The problem: Line filter on the word "Prop": copy each matching line from the entries.

Source data:
------------------------

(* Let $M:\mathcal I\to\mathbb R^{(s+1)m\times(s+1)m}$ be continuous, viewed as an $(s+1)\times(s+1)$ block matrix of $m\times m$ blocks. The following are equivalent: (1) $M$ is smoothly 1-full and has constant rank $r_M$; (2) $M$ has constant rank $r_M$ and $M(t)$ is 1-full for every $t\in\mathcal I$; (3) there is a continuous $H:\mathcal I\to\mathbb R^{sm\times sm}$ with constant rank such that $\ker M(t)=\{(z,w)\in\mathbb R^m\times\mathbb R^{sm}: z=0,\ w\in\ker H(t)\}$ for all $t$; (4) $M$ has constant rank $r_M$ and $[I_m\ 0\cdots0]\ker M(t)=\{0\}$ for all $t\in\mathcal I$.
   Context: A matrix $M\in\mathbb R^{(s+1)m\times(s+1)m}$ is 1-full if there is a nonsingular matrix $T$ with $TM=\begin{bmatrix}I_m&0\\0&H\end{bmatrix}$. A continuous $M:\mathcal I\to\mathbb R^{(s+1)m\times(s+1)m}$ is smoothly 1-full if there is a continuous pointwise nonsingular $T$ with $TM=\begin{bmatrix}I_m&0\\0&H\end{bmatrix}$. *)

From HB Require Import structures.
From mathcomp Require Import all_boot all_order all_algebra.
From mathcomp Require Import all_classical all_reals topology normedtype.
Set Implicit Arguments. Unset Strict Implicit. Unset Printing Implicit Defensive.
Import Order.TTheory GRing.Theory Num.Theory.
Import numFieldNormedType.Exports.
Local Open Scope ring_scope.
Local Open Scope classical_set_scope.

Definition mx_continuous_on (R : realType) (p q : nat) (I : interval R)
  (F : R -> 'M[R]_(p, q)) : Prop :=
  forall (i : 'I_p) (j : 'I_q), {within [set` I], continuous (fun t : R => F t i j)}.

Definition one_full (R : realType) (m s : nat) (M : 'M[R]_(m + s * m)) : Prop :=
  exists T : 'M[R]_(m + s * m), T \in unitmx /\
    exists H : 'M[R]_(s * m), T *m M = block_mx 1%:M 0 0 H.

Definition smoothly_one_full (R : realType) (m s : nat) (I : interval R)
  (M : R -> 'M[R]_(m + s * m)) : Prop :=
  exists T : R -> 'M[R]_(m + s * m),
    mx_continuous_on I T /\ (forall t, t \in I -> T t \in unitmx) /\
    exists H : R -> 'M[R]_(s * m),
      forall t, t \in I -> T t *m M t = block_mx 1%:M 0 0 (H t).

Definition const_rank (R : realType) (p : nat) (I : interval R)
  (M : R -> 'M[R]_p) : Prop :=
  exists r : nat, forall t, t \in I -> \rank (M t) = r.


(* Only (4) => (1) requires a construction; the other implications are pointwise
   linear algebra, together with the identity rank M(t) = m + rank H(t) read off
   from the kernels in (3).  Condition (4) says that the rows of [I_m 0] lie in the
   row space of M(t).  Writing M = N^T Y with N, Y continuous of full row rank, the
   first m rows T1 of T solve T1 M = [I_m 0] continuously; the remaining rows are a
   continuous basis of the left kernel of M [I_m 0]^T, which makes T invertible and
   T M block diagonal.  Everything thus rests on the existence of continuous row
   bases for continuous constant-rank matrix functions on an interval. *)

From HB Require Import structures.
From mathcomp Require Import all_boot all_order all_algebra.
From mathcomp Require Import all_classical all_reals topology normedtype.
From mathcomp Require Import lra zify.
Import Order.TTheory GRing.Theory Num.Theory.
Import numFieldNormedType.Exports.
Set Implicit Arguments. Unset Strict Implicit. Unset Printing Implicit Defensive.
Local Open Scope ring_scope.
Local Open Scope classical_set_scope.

------------------------

Written solution:
  (F : R -> 'M[R]_(p, q)) : Prop :=
Definition one_full (R : realType) (m s : nat) (M : 'M[R]_(m + s * m)) : Prop :=
  (M : R -> 'M[R]_(m + s * m)) : Prop :=
  (M : R -> 'M[R]_p) : Prop :=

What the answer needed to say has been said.